What the task requires » The line with "Lemma pow_le_one (x", the line with "Lemma sqrt_le_1_plus (x", and all lines between them in the material below: return these exactly, and no others.

_ _ _ _ _ _ _

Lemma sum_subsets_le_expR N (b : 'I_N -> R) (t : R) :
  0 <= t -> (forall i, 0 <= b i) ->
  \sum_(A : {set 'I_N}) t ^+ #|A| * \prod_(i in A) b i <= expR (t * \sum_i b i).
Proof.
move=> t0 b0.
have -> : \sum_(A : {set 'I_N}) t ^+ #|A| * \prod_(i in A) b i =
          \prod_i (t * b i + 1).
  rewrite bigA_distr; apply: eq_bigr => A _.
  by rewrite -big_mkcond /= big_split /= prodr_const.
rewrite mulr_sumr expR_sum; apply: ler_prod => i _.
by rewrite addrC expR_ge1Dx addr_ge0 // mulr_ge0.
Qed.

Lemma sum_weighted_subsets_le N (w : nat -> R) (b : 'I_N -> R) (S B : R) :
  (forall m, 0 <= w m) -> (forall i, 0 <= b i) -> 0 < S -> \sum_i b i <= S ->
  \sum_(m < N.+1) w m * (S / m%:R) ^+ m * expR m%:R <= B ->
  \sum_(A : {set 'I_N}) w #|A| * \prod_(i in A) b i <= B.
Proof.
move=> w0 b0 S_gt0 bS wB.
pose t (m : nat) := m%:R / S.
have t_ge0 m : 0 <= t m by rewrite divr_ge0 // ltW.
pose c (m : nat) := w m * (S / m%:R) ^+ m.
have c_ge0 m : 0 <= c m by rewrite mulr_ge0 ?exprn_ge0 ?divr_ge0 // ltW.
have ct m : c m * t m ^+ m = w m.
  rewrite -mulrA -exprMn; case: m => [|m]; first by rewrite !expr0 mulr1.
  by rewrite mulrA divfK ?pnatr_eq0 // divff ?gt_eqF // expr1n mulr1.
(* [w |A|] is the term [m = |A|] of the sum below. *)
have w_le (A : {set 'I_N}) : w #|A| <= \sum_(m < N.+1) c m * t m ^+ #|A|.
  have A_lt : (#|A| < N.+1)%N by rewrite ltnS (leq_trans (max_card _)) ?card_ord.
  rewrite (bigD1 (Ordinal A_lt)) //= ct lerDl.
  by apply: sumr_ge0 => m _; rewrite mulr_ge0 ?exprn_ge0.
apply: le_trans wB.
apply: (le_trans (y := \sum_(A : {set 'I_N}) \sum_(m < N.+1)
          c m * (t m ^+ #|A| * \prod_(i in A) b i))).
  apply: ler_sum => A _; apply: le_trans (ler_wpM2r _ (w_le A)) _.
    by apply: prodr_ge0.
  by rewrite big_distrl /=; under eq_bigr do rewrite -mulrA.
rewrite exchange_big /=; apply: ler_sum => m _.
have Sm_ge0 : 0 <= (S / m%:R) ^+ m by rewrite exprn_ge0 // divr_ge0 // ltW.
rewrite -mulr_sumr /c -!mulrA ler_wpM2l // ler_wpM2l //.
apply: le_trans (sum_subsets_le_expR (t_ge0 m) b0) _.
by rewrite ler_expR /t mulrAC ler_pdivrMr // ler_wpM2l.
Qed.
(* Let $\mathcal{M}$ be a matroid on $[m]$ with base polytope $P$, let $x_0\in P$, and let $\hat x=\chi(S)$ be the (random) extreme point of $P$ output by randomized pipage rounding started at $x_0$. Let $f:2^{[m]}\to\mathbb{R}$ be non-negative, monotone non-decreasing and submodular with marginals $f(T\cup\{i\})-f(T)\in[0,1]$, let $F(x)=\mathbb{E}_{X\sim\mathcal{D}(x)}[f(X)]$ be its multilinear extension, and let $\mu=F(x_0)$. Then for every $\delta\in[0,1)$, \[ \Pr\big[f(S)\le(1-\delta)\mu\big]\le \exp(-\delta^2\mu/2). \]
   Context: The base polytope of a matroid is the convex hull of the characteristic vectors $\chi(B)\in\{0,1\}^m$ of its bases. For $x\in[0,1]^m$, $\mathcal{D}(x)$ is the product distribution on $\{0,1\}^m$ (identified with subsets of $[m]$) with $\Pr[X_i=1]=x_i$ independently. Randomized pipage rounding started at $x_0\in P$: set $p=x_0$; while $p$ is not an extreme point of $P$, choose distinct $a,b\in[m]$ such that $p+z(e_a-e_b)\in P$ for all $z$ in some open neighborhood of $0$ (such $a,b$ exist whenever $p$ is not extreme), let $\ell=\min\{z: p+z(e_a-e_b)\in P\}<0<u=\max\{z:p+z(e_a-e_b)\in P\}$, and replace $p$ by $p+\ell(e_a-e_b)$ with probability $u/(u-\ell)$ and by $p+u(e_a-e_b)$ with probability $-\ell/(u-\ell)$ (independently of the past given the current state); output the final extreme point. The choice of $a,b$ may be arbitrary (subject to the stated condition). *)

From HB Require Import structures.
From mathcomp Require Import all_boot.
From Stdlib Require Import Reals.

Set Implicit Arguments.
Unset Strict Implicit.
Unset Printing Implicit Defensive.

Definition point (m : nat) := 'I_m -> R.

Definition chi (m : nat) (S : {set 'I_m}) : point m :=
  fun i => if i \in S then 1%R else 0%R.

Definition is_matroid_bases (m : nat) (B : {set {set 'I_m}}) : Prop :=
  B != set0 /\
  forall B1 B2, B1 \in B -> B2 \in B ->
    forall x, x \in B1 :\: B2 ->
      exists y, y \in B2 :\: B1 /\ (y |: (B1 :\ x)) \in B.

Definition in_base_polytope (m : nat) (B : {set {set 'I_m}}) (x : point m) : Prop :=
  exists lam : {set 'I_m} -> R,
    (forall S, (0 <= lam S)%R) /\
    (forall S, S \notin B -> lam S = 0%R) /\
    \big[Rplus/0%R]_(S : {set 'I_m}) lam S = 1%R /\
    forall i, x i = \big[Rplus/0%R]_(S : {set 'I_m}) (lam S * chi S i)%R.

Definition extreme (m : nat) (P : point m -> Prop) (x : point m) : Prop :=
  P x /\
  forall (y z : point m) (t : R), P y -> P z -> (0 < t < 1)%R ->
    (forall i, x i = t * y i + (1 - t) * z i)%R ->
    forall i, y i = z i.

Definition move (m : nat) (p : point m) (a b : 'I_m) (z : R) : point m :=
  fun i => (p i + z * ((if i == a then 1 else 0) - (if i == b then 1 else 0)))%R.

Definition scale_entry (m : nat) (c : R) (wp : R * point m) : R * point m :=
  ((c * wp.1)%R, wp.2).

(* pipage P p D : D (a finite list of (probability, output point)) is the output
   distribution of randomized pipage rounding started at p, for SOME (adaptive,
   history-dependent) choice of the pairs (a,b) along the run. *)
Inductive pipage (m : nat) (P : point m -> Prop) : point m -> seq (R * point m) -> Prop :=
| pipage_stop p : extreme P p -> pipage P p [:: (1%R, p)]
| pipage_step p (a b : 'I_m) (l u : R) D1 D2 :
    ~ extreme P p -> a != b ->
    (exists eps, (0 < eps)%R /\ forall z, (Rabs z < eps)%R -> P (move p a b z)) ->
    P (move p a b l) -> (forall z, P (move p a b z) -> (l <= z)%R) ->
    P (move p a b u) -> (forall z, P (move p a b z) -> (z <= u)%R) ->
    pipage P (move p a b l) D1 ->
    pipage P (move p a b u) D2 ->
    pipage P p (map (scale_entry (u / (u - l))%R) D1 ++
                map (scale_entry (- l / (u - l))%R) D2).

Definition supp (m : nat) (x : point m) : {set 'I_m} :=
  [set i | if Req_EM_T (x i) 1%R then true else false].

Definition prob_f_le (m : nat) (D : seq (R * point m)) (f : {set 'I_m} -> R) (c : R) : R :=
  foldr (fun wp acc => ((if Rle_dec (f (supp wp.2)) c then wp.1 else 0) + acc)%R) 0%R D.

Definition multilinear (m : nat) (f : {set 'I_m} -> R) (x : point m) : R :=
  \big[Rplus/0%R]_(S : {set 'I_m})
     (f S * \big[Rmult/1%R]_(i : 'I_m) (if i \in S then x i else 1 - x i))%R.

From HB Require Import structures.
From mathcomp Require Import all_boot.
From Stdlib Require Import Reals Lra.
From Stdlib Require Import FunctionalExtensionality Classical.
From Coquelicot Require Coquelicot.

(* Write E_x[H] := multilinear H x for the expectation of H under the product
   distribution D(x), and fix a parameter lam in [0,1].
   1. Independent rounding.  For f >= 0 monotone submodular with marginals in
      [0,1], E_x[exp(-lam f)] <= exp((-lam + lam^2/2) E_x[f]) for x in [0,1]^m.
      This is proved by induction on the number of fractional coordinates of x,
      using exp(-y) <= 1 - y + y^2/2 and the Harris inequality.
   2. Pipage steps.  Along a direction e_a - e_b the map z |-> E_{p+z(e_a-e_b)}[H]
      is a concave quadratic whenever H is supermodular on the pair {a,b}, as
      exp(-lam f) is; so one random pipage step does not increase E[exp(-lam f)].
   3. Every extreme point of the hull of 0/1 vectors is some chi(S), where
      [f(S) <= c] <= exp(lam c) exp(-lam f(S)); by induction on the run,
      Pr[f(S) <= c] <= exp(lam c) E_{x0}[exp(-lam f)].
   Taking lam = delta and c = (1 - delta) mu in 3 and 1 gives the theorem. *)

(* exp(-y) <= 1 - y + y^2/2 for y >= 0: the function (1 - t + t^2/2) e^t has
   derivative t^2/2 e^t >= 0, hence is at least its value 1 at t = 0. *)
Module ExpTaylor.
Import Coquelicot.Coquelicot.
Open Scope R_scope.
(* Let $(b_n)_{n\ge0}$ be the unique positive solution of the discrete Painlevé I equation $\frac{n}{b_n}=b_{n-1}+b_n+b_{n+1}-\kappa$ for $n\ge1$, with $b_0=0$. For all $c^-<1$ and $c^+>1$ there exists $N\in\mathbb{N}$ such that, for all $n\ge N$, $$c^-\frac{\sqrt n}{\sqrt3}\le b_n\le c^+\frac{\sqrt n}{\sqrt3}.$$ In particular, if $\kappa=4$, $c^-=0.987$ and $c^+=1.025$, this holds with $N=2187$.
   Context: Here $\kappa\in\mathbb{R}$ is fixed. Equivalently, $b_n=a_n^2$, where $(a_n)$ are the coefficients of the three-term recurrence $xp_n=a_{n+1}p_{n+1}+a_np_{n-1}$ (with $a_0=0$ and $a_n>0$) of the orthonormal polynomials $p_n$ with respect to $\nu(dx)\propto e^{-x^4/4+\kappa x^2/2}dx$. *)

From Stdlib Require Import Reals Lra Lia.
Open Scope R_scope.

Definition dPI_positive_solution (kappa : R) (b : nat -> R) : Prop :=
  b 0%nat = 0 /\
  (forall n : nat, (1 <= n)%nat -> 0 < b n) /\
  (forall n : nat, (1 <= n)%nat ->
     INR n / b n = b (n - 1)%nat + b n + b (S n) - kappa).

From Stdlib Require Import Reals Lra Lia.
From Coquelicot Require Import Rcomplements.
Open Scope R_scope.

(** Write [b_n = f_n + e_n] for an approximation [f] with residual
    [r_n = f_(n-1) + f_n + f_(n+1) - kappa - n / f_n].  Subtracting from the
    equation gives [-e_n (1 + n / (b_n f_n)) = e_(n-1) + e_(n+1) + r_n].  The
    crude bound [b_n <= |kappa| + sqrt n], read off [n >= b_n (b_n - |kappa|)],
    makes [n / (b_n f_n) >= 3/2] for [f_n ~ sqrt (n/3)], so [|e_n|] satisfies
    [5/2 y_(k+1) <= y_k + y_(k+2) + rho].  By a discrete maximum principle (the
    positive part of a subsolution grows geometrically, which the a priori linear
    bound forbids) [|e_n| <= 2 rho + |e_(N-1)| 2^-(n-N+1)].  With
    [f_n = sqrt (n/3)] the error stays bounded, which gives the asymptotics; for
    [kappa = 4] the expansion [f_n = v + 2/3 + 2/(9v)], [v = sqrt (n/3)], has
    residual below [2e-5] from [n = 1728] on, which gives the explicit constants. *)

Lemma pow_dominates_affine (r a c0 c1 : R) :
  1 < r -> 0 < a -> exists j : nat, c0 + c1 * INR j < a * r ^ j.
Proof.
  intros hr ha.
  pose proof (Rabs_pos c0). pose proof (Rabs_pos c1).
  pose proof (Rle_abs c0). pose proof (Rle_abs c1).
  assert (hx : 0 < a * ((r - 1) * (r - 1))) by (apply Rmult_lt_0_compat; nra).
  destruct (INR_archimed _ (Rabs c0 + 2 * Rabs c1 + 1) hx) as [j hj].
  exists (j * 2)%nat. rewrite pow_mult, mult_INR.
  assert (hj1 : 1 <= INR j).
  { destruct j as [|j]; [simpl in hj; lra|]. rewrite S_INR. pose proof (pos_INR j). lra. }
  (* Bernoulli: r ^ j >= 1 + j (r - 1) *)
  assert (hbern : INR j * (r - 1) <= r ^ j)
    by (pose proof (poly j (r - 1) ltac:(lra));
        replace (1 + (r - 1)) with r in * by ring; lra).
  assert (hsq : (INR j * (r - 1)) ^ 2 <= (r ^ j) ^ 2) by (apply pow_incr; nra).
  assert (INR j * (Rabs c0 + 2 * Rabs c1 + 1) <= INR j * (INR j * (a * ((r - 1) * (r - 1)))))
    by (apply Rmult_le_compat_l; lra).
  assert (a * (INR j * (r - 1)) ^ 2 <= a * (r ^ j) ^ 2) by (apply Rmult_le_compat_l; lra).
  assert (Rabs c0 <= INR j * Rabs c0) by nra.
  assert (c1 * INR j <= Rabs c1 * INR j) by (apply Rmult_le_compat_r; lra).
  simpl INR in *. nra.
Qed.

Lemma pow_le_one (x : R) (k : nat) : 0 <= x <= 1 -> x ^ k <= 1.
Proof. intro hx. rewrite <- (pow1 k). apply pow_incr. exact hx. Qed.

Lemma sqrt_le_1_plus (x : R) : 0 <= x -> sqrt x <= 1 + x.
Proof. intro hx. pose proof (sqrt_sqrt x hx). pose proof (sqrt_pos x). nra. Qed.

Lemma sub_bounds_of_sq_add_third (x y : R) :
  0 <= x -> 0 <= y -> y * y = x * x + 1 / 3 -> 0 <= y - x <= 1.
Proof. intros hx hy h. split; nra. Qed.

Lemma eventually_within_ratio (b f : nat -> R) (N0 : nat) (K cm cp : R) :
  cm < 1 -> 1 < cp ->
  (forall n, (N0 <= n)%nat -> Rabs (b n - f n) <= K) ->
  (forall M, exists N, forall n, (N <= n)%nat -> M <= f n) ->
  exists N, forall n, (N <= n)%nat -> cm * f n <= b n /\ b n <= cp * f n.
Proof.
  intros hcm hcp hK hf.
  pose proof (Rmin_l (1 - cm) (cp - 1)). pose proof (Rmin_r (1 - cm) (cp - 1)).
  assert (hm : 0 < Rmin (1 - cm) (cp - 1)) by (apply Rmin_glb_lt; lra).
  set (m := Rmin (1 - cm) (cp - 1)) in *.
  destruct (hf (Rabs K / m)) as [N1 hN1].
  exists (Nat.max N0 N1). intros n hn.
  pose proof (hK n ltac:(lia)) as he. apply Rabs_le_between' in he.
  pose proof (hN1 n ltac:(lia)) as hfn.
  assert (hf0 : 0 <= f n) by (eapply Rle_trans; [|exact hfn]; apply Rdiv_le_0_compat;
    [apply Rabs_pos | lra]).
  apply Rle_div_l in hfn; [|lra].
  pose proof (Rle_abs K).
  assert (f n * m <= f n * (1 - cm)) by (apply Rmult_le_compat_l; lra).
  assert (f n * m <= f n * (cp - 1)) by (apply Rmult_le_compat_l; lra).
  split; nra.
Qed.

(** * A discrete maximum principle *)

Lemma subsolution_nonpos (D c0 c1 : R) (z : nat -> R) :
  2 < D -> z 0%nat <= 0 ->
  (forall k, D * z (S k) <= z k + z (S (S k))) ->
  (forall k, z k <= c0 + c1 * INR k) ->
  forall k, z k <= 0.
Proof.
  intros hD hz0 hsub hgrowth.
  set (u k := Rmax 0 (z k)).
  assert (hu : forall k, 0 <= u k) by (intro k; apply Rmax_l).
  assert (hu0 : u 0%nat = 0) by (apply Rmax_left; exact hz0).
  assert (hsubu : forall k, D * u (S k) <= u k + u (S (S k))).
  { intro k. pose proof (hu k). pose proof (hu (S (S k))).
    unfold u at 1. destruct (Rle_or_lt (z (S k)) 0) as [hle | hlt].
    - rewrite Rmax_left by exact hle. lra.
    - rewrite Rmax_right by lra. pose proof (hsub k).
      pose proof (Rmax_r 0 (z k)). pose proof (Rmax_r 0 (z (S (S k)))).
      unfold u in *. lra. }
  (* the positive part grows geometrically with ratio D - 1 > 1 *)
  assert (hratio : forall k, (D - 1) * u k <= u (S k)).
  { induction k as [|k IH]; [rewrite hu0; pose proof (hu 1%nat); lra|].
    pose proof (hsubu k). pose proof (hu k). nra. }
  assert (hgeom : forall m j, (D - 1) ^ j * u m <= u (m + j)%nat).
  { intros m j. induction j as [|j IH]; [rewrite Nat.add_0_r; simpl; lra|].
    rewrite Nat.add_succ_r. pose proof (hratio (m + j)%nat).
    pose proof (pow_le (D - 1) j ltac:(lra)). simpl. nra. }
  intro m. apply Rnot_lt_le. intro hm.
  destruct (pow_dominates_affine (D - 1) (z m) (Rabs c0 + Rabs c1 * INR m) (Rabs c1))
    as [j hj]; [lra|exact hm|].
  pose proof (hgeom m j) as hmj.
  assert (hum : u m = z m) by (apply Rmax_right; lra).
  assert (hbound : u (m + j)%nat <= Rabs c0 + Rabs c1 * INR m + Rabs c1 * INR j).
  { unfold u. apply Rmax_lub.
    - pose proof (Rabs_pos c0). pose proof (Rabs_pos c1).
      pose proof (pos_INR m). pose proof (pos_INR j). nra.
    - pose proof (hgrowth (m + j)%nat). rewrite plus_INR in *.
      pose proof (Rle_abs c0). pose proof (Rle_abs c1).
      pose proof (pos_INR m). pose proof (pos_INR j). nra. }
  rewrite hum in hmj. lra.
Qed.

_ _ _ _ _ _ _

Answer section »
Lemma pow_le_one (x : R) (k : nat) : 0 <= x <= 1 -> x ^ k <= 1.
Proof. intro hx. rewrite <- (pow1 k). apply pow_incr. exact hx. Qed.

Lemma sqrt_le_1_plus (x : R) : 0 <= x -> sqrt x <= 1 + x.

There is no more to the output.